There is a notable absence of research examining the implications of NA in relation to anti-anxiety treatment clinical trials, and what research can be found often examines community samples and typically examines anxiety as a comorbidity within broader network models (e.g., Fisher et al., 2017; Jin et al., 2022; Levinson et al., 2017; Yohannes et al., 2022). While it is useful and informative to build an understanding of the relationship between anxiety and different comorbidities, a key limitation here is that it is not possible to determine important underlying network modelling assumptions (such as configural or metric invariance) of different anxiety measures (Christensen & Golino, 2021; Jamison et al., 2022). Configural invariance assesses the stability of a network model and exists when the network structure is consistent and sub-groups of nodes, called “communities”, are stable across moderating variables, such as age or sex. When configural invariance holds, it suggests the basic symptom network structure is comparable across groups. Metric invariance reflects the importance or “strength” of different nodes and exists when node strength remains similar across different moderating variables, indicating the influence of particular symptoms are similar across groups.

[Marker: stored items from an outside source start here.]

Lemma size_algebra D C Nd Nc : 0 < D -> 0 <= C ->
  (Nc + C) / (D + C) > (Nd + (Nc + C)) / (D + C) * (C / (D + C)) ->
  Nd * C < (Nc + C) * D.
Proof.
move=> D_gt0 C_ge0 ineq; have Z_gt0 : 0 < D + C by lra.
have cleared : (Nd + (Nc + C)) * C < (Nc + C) * (D + C).
  have -> : (Nd + (Nc + C)) * C =
            (Nd + (Nc + C)) / (D + C) * (C / (D + C)) * ((D + C) * (D + C)) by field; lra.
  have -> : (Nc + C) * (D + C) = (Nc + C) / (D + C) * ((D + C) * (D + C)) by field; lra.
  by apply: Rmult_lt_compat_r => //; nra.
nra.
Qed.

Lemma size_increasing_single e w : size_increasing E mu -> e \in E -> pos_weights E w ->
  w e = 1 -> Ndel e w * Zcon E mu e w < (Ncon e w + Zcon E mu e w) * Zdel E mu e w.
Proof.
move=> sinc eE w_gt0 we1; have := sinc w w_gt0 e eE.
rewrite /Usize_e /Usize /Prob (size_sum_single _ eE) (size_sum_e_single _ eE).
rewrite (Zcont_single _ eE) (Zpart_single _ eE) we1 !Rmult_1_l.
have w_ge0 : nonneg_off e e w by move=> k kE _ _; apply/Rlt_le/w_gt0.
by apply: size_algebra; [apply: Zdel_gt0 | apply: Zcon_ge0].
Qed.

(* Along the ray y |-> y w, such sums are polynomials in y. *)
Definition spoly e (c : {set T} -> R) (y : R) :=
  \big[Rplus/R0]_(G in powerset E | e \notin G) (c G * y ^ #|G|).

Definition dspoly e (c : {set T} -> R) (y : R) :=
  \big[Rplus/R0]_(G in powerset E | e \notin G) (c G * (INR #|G| * y ^ #|G|.-1)).

Lemma spoly_derivable e c y : derivable_pt_lim (spoly e c) y (dspoly e c y).
Proof.
apply: (@sum_derivable _ _ _ (fun G y => c G * y ^ #|G|)
                             (fun G y => c G * (INR #|G| * y ^ #|G|.-1))) => G _.
exact: derivable_pt_lim_scal _ _ _ _ (derivable_pt_lim_pow y _).
Qed.

Lemma Zdel_avoid e w : Zdel E mu e w = avoid_sum e mu w.
Proof. by []. Qed.

Lemma Zcon_avoid e w : Zcon E mu e w = avoid_sum e (fun G => mu (e |: G)) w.
Proof. by []. Qed.

Lemma avoid_sum_scale e h w y :
  avoid_sum e h (fun k => y * w k) = spoly e (fun G => h G * wpow w G) y.
Proof. by apply: eq_bigr => G _; rewrite wpow_scale; ring. Qed.

Lemma avoid_sum_deg_scale e h w y :
  avoid_sum e (fun G => INR #|G| * h G) (fun k => y * w k) =
  y * dspoly e (fun G => h G * wpow w G) y.
Proof.
rewrite /avoid_sum /dspoly big_distrr; apply: eq_bigr => G _; rewrite wpow_scale.
by case: #|G| => [|n] /=; ring.
Qed.

(* The size-increasing inequality at the weights (y w off e, 1 at e), in terms
   of the polynomials P_c(y) = Zcon(y w) and P_d(y) = Zdel(y w). *)
Lemma size_increasing_ray e w y : size_increasing E mu -> e \in E ->
  (forall k, k \in E -> k != e -> 0 < w k) -> 0 < y ->
  let c G := mu (e |: G) * wpow w G in let d G := mu G * wpow w G in
  y * dspoly e d y * spoly e c y < (y * dspoly e c y + spoly e c y) * spoly e d y.
Proof.
move=> sinc eE w_gt0 y_gt0 c d; pose wy := upd (fun k => y * w k) e 1.
have wy_gt0 : pos_weights E wy.
  move=> k kE; rewrite /wy /upd; case: ifP => [_|/negbT ke]; first lra.
  by have := w_gt0 k kE ke; nra.
have agree : agree_off e e wy (fun k => y * w k).
  by move=> k _ ke _; rewrite /wy /upd (negbTE ke).
have := size_increasing_single sinc eE wy_gt0 ltac:(by rewrite /wy /upd eqxx).
rewrite Zcon_avoid Zdel_avoid /Ncon /Ndel !(avoid_sum_ext _ agree).
by rewrite !avoid_sum_deg_scale !avoid_sum_scale.
Qed.

(* Hence y |-> y Gamma(y w) = y P_c(y) / P_d(y) has a positive derivative and
   is strictly increasing. *)
Lemma cavity_ratio_scale e w lam : size_increasing E mu -> e \in E ->
  (forall k, k \in E -> k != e -> 0 < w k) -> 1 < lam ->
  cavity_ratio E mu e w < lam * cavity_ratio E mu e (fun k => lam * w k).
Proof.
move=> sinc eE w_gt0 lam_gt1.
pose c G := mu (e |: G) * wpow w G; pose d G := mu G * wpow w G.
have d_gt0 y : 0 < y -> 0 < spoly e d y.
  move=> y_gt0; rewrite -avoid_sum_scale -Zdel_avoid; apply: Zdel_gt0 => k kE ke _.
  by have := w_gt0 k kE ke; nra.
pose phi := ((id * spoly e c) / spoly e d)%F.
have phi_ratio y : 0 < y -> phi y = y * cavity_ratio E mu e (fun k => y * w k).
  move=> y_gt0; rewrite /phi /cavity_ratio Zcon_avoid Zdel_avoid !avoid_sum_scale.
  by rewrite -/c -/d /mult_fct /div_fct /id /Rdiv; ring.
pose phi' y := ((1 * spoly e c y + y * dspoly e c y) * spoly e d y -
                dspoly e d y * (y * spoly e c y)) / (spoly e d y)².
have phi_der y : 1 <= y <= lam -> derivable_pt_lim phi y (phi' y).
  move=> y_range; apply: derivable_pt_lim_div; last by have := d_gt0 y ltac:(lra); lra.
    exact: derivable_pt_lim_mult (derivable_pt_lim_id y) (spoly_derivable e c y).
  exact: spoly_derivable.
have phi'_gt0 y : 0 < y -> 0 < phi' y.
  move=> y_gt0; apply: Rdiv_lt_0_compat; last exact/Rsqr_pos_lt/Rgt_not_eq/d_gt0.
  by have := size_increasing_ray sinc eE w_gt0 y_gt0; rewrite /= -/c -/d; nra.
have [y [phi_diff y_range]] := MVT_cor2 _ _ _ _ lam_gt1 phi_der.
have : phi 1 < phi lam by have := phi'_gt0 y ltac:(lra); nra.
rewrite !phi_ratio ?Rmult_1_l; try lra.
by rewrite (@cavity_ratio_ext e w (fun k => 1 * w k)) // => k _ _ _; ring.
Qed.

Lemma Zcon_zero e : Zcon E mu e (fun _ => 0) = mu [set e].
Proof.
rewrite /Zcon (bigD1 set0) /=; last by rewrite powersetE sub0set in_set0.
rewrite wpow0 setU0 big1 => [|G /andP[_ G0]]; first ring.
by rewrite wpow_zero // Rmult_0_r.
Qed.

Lemma Ncon_le e w : e \in E -> nonneg_off e e w -> Ncon e w <= INR #|T| * Zcon E mu e w.
Proof.
move=> eE w_ge0; rewrite /Ncon /avoid_sum /Zcon big_distrr; apply: sum_le => G HG /=.
have mu_ge0' : 0 <= mu (e |: G).
  by apply: mu_ge0; case/andP: HG; rewrite powersetE subUset sub1set eE => ->.
have wG_ge0 : 0 <= wpow w G.
  by apply: wpow_ge0 => k kG; case: (mem_avoiding HG kG) => kE ke; apply: w_ge0.
have : INR #|G| <= INR #|T| by apply/le_INR/leP/max_card.
by move=> GT; rewrite Rmult_assoc; apply: Rmult_le_compat_r => //; apply: Rmult_le_pos.
Qed.

(* A cavity-monotone measure charges every singleton: otherwise Gamma_e would
   vanish identically, contradicting the size-increasing property. *)
Lemma mu_single_gt0 e : Rayleigh E mu -> size_increasing E mu -> e \in E -> 0 < mu [set e].
Proof.
move=> ray sinc eE; have mu1_ge0 : 0 <= mu [set e] by apply: mu_ge0; rewrite sub1set.
apply: Rnot_le_lt => mu1_le0.
pose one (k : T) := 1.
have one_ge0 : nonneg_off e e one by move=> *; rewrite /one; lra.
have Zdel_gt0' := Zdel_gt0 one_ge0.
have Zcon0 : Zcon E mu e one = 0.
  have := @cavity_ratio_antitone e (fun _ => 0) one ray eE ltac:(by move=> *; rewrite /one; lra).
  have mu1_0 : mu [set e] = 0 by lra.
  rewrite /cavity_ratio Zcon_zero mu1_0 Rdiv_0_l.
  move=> ratio_le; apply: Rle_antisym; last exact: Zcon_ge0.
  have := Rinv_0_lt_compat _ Zdel_gt0'; rewrite /Rdiv in ratio_le; nra.
have one_gt0 : pos_weights E one by move=> *; rewrite /one; lra.
have := size_increasing_single sinc eE one_gt0 erefl.
have := Ncon_le eE one_ge0; rewrite Zcon0; nra.
Qed.

Lemma cavity_ratio_gt0 e w : Rayleigh E mu -> size_increasing E mu -> e \in E ->
  nonneg_off e e w -> 0 < cavity_ratio E mu e w.
Proof.
move=> ray sinc eE w_ge0; apply: Rdiv_lt_0_compat; last exact: Zdel_gt0.
exact: Rlt_le_trans (mu_single_gt0 ray sinc eE) (Zcon_ge eE w_ge0).
Qed.
End Measure.

Unset Implicit Arguments.

Section Network.
Variables (V : finType) (adj : rel V) (mu : V -> {set V} -> R) (t : R).
Hypothesis net : cavity_monotone_network adj mu.
Hypothesis t_gt0 : 0 < t.

Local Notation Fop := (scaled_cavity_op adj mu t).

Definition cfg_le (x y : V -> V -> R) := forall i j, adj i j -> x i j <= y i j.

Lemma adj_sym {i j} : adj i j -> adj j i.
Proof. by case: net => [[[adjC _] _] _]; rewrite adjC. Qed.

Lemma mem_nbhd i k : (k \in nbhd adj i) = adj i k.
Proof. by rewrite /nbhd in_set. Qed.

Lemma local_measure i : is_measure (nbhd adj i) (mu i).
Proof. by case: net => [[_ meas] _]. Qed.

Lemma local_cavity_monotone i : cavity_monotone (nbhd adj i) (mu i).
Proof. by case: net. Qed.

Lemma local_mu0 i : 0 < mu i set0.
Proof. by case: (local_cavity_monotone i). Qed.

(* Vertex i sees the incoming messages x_{k -> i} as its weights. *)
Lemma incoming_nonneg x i j : nonneg_config adj x ->
  nonneg_off (nbhd adj i) j j (fun k => x k i).
Proof. by move=> x_ge0 k; rewrite mem_nbhd => ik _ _; apply/x_ge0/adj_sym. Qed.

Lemma Fop_ext x y i j : (forall a b, adj a b -> x a b = y a b) -> Fop x i j = Fop y i j.
Proof.
move=> xy; rewrite /scaled_cavity_op /cavity_op; congr Rmult.
by apply: cavity_ratio_ext => k; rewrite mem_nbhd => ik _ _; apply/xy/adj_sym.
Qed.

Lemma Fop_gt0 x i j : nonneg_config adj x -> adj i j -> 0 < Fop x i j.
Proof.
move=> x_ge0 ij; have [_ [ray sinc]] := local_cavity_monotone i.
rewrite /scaled_cavity_op /cavity_op; apply: Rmult_lt_0_compat => //.
apply: (cavity_ratio_gt0 (local_measure i) (local_mu0 i) ray sinc); first by rewrite mem_nbhd.
exact: incoming_nonneg.
Qed.

Lemma Fop_nonneg x : nonneg_config adj x -> nonneg_config adj (Fop x).
Proof. by move=> x_ge0 i j ij; apply/Rlt_le/Fop_gt0. Qed.

Lemma Fop_antitone x y : nonneg_config adj x -> cfg_le x y -> cfg_le (Fop y) (Fop x).
Proof.
move=> x_ge0 xy i j ij; have [_ [ray _]] := local_cavity_monotone i.
rewrite /scaled_cavity_op /cavity_op; apply: Rmult_le_compat_l; first lra.
apply: (cavity_ratio_antitone (local_measure i) (local_mu0 i) ray); first by rewrite mem_nbhd.
by move=> k; rewrite mem_nbhd => ik _; have ki := adj_sym ik; split; [apply: x_ge0 | apply: xy].
Qed.

Lemma Fop_cv (xn : nat -> V -> V -> R) x : nonneg_config adj x ->
  (forall a b, adj a b -> Un_cv (fun n => xn n a b) (x a b)) ->
  forall i j, adj i j -> Un_cv (fun n => Fop (xn n) i j) (Fop x i j).
Proof.
move=> x_ge0 x_cv i j ij; apply: CV_mult; first exact: cv_const.
apply: (cavity_ratio_cv (local_measure i) (local_mu0 i)); first exact: incoming_nonneg.
by move=> k; rewrite mem_nbhd => ik; apply/x_cv/adj_sym.
Qed.

Lemma Fop_subhomogeneous x lam : (forall a b, adj a b -> 0 < x a b) -> 1 < lam ->
  forall i j, adj i j -> Fop x i j < lam * Fop (fun a b => lam * x a b) i j.
Proof.
move=> x_gt0 lam_gt1 i j ij; have [_ [_ sinc]] := local_cavity_monotone i.
have := cavity_ratio_scale (local_measure i) (local_mu0 i) (w := fun k => x k i) sinc
          (e := j) ltac:(by rewrite mem_nbhd) _ lam_gt1.
have x_gt0' k : k \in nbhd adj i -> k != j -> 0 < x k i.
  by rewrite mem_nbhd => ik _; apply/x_gt0/adj_sym.
by move/(_ x_gt0') => ratio_lt; rewrite /scaled_cavity_op /cavity_op; nra.
Qed.

Lemma iter_nonneg x0 n : nonneg_config adj x0 -> nonneg_config adj (iter n Fop x0).
Proof. by move=> x0_ge0; elim: n => [|n IH] //=; apply: Fop_nonneg. Qed.

Lemma Fop2_monotone x y : nonneg_config adj x -> cfg_le x y ->
  cfg_le (Fop (Fop x)) (Fop (Fop y)).
Proof.
move=> x_ge0 xy; apply: Fop_antitone; last exact: Fop_antitone.
by apply: Fop_nonneg => i j ij; apply: Rle_trans (x_ge0 i j ij) (xy i j ij).
Qed.

Definition orbit0 n : V -> V -> R := iter n Fop (fun _ _ => 0).

Lemma orbit0_nonneg n : nonneg_config adj (orbit0 n).
Proof. by apply: iter_nonneg => i j _; apply: Rle_refl. Qed.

These are important, as unless it can be demonstrated that configural and metric invariance exists in network models, clinicians and researchers may not be able to utilise NA to inform treatment plan design, as recommended treatments may not be appropriate for all participants or generalisable to the broader population.
This study aims to evaluate the suitability of NA for use in clinical trials by examining configural and metric invariance of commonly used outcome measures of anxiety. Specific aims are: (a) to specify network models for outcome measures frequently used in clinical trials of pharmacotherapies for anxiety pre- and post-treatment (b) to assess stability characteristics (i.e. configural invariance) of resulting models (c) to assess metric invariance of network models in relation to important moderating variables, and (d) to determine optimum outcome measures for use with NA methods in clinical trial settings by comparing stability and invariance indices of different measures.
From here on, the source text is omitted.